■ WORK REQUIRED: Please copy each line from the entries that contains the string "pred".

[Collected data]
= = = = = = =

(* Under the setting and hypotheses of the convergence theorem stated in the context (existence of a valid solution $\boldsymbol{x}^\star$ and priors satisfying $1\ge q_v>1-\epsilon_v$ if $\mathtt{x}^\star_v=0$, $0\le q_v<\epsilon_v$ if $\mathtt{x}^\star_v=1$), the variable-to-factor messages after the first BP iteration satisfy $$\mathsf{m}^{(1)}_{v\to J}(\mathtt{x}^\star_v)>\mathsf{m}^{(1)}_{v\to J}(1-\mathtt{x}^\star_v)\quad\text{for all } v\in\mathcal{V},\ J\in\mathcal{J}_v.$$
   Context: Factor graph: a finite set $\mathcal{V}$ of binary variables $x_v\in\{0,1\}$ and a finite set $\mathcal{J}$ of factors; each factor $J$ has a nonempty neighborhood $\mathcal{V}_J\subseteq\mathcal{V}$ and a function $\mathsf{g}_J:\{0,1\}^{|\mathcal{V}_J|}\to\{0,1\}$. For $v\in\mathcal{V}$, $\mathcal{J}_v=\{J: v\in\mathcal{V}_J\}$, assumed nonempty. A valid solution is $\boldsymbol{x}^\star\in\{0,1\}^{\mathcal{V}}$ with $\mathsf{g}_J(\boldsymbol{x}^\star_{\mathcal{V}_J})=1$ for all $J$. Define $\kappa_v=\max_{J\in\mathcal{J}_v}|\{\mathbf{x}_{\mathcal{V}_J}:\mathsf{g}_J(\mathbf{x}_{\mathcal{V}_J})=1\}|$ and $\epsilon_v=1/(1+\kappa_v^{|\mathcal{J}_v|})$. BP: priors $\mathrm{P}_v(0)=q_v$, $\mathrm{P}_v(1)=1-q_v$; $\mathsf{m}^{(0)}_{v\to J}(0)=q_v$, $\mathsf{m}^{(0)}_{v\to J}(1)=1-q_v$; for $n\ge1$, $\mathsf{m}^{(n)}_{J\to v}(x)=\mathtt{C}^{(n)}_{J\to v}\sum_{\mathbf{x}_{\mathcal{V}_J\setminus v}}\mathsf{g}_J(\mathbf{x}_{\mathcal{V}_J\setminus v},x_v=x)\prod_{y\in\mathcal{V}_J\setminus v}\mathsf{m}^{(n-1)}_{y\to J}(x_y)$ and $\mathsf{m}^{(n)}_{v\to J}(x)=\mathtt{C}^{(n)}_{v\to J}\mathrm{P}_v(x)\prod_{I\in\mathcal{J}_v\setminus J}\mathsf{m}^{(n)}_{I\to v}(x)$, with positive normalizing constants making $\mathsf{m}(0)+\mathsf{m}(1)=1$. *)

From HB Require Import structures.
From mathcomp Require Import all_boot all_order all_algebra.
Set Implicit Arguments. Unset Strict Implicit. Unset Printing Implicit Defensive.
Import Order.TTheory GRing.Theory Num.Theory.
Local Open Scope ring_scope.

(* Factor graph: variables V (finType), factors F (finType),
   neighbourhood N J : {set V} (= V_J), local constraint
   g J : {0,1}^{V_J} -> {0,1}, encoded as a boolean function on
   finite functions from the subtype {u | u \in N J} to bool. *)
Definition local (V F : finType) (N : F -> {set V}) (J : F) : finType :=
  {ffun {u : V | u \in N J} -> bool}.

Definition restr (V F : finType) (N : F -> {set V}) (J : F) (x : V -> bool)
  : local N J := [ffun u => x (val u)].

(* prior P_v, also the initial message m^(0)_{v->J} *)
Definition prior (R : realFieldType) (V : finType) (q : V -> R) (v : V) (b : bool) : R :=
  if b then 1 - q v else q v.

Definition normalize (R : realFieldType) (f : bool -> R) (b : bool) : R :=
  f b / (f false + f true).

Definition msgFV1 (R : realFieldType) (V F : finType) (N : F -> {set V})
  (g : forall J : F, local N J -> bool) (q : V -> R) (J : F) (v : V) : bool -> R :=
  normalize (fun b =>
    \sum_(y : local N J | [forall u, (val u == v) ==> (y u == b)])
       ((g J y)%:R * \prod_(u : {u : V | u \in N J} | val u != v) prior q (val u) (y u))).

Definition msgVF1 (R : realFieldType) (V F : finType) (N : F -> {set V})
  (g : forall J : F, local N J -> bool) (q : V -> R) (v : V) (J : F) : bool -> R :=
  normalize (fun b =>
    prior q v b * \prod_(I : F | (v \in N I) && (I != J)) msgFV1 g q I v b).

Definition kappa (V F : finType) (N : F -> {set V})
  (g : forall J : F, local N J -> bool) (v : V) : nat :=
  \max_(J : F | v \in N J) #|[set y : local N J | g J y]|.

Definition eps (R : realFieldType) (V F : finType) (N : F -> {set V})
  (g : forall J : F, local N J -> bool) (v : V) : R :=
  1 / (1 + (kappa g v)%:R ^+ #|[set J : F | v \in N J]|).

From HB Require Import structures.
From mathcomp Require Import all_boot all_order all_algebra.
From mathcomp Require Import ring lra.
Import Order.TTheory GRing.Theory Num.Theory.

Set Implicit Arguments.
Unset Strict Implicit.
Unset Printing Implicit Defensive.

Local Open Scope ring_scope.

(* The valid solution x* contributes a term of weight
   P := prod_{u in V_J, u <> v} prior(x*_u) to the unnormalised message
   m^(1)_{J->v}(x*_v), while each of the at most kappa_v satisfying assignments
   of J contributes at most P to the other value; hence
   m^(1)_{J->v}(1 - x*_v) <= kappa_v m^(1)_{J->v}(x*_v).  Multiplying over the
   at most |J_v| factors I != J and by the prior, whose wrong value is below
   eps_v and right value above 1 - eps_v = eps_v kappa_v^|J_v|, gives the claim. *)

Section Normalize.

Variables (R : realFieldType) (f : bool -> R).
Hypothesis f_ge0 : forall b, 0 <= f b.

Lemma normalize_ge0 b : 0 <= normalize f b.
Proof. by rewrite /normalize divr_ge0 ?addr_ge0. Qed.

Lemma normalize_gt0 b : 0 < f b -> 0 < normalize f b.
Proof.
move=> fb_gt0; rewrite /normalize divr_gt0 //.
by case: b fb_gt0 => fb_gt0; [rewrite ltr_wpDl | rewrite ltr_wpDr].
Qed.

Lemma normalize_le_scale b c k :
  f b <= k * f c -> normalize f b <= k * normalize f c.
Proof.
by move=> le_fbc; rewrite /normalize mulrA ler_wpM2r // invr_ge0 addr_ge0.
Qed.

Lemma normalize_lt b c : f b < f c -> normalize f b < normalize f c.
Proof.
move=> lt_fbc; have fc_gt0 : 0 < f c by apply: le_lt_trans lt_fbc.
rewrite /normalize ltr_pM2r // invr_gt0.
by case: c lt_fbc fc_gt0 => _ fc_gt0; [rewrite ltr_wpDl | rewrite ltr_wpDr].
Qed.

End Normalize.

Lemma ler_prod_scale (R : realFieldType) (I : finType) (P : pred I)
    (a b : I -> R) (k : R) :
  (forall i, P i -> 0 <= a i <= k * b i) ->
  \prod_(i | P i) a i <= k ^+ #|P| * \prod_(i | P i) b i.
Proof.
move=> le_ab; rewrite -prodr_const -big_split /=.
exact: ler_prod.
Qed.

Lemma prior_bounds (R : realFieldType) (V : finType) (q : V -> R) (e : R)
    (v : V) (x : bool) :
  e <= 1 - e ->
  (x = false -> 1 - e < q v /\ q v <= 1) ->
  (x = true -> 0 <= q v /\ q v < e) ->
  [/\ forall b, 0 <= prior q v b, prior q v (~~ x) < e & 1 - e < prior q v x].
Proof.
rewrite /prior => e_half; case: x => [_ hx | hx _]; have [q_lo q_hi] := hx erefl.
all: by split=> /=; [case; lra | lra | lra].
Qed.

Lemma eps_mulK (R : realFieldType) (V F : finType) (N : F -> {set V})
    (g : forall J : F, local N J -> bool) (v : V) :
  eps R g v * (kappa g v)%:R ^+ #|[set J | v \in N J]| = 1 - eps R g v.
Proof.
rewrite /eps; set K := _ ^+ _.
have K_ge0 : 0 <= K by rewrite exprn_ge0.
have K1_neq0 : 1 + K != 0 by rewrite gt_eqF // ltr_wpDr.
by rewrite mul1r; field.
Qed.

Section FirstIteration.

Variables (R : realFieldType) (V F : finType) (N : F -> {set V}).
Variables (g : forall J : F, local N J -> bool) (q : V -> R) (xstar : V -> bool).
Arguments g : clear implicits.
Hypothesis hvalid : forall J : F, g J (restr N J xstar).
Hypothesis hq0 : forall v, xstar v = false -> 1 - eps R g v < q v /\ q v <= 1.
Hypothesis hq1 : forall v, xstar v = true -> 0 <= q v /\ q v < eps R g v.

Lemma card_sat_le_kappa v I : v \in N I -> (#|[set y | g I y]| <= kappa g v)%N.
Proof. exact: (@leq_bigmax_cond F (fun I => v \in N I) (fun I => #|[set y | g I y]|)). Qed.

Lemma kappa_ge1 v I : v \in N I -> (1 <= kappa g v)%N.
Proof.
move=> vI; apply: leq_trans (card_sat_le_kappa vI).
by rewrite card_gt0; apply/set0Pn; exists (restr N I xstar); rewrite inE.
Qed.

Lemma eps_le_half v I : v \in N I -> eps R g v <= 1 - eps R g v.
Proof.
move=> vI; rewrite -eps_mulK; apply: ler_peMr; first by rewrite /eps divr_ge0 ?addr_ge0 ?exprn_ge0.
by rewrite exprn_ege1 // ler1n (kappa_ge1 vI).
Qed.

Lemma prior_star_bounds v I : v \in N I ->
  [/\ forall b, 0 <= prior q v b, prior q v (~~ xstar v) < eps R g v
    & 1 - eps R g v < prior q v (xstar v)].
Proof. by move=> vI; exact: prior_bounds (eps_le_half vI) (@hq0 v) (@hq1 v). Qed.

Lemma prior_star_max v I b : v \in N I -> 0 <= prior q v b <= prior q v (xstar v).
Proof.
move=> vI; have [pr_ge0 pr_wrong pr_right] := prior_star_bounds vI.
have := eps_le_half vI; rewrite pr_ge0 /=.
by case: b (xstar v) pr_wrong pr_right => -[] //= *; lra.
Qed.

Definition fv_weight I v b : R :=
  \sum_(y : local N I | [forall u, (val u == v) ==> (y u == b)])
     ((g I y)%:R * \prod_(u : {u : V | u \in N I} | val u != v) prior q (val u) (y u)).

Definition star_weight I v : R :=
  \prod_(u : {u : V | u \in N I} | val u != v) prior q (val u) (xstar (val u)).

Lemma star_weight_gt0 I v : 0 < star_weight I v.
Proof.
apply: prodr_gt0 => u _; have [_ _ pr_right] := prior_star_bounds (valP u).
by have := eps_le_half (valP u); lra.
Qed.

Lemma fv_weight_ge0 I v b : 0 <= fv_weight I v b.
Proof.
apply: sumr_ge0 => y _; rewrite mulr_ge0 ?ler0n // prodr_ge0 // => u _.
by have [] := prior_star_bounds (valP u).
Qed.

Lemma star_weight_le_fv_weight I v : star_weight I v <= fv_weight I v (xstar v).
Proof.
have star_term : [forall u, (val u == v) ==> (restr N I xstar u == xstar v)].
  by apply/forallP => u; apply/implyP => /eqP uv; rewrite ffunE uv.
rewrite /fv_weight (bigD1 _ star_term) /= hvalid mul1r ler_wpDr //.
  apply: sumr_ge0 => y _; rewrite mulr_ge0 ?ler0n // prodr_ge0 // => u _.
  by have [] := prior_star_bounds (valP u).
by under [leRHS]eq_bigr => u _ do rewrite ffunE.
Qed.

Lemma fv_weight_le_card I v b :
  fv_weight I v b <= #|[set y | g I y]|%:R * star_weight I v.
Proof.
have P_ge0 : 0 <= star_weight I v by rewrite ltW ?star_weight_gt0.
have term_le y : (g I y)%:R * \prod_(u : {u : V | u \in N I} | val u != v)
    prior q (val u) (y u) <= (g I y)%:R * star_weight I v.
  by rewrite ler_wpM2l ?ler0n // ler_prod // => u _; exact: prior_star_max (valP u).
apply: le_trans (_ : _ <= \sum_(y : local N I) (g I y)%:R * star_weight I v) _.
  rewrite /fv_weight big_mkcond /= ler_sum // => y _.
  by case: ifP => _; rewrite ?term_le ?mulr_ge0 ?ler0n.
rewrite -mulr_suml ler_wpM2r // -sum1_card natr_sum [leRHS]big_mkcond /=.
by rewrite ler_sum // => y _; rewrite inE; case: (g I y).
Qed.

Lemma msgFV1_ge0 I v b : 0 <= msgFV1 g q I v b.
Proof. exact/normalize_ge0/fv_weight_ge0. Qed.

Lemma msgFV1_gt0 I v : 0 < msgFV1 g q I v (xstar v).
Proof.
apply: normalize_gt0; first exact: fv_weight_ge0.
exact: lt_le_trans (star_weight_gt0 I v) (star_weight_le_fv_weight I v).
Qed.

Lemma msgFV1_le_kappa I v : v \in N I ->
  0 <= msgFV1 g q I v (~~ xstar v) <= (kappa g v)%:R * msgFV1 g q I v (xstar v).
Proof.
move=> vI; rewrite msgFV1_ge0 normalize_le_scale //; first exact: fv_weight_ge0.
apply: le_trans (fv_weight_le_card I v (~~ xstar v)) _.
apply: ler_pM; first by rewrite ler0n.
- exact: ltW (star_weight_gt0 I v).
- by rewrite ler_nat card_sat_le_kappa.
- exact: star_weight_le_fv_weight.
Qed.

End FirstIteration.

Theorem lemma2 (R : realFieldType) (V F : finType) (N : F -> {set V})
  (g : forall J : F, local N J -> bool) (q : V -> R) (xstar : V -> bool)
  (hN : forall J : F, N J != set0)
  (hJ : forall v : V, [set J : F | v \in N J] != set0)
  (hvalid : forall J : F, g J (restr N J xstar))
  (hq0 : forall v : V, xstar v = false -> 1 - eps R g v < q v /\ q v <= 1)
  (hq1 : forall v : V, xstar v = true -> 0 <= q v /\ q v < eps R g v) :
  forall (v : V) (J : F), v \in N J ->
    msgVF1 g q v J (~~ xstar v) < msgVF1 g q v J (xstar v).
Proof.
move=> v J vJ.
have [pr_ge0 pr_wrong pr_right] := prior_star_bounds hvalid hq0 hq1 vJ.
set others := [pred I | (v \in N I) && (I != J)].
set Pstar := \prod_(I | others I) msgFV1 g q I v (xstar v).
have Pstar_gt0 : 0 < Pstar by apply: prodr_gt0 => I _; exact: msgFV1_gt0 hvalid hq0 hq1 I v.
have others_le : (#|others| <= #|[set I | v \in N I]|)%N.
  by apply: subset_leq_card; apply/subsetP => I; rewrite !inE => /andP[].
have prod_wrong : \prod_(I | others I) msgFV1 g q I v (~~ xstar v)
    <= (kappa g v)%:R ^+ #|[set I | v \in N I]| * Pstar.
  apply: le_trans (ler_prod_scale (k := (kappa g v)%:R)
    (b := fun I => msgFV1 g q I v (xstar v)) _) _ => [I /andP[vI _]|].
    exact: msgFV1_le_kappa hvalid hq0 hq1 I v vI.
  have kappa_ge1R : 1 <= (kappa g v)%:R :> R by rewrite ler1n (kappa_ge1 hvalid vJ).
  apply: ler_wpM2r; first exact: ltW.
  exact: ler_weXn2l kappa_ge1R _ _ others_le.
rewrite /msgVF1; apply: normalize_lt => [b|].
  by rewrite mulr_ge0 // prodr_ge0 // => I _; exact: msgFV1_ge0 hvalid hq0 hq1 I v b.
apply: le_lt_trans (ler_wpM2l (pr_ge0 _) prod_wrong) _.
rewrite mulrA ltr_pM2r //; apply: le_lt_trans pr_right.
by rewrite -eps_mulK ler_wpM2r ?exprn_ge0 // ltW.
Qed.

= = = = = = =

■ ANSWER TO THE EXERCISE:
Lemma ler_prod_scale (R : realFieldType) (I : finType) (P : pred I)
set others := [pred I | (v \in N I) && (I != J)].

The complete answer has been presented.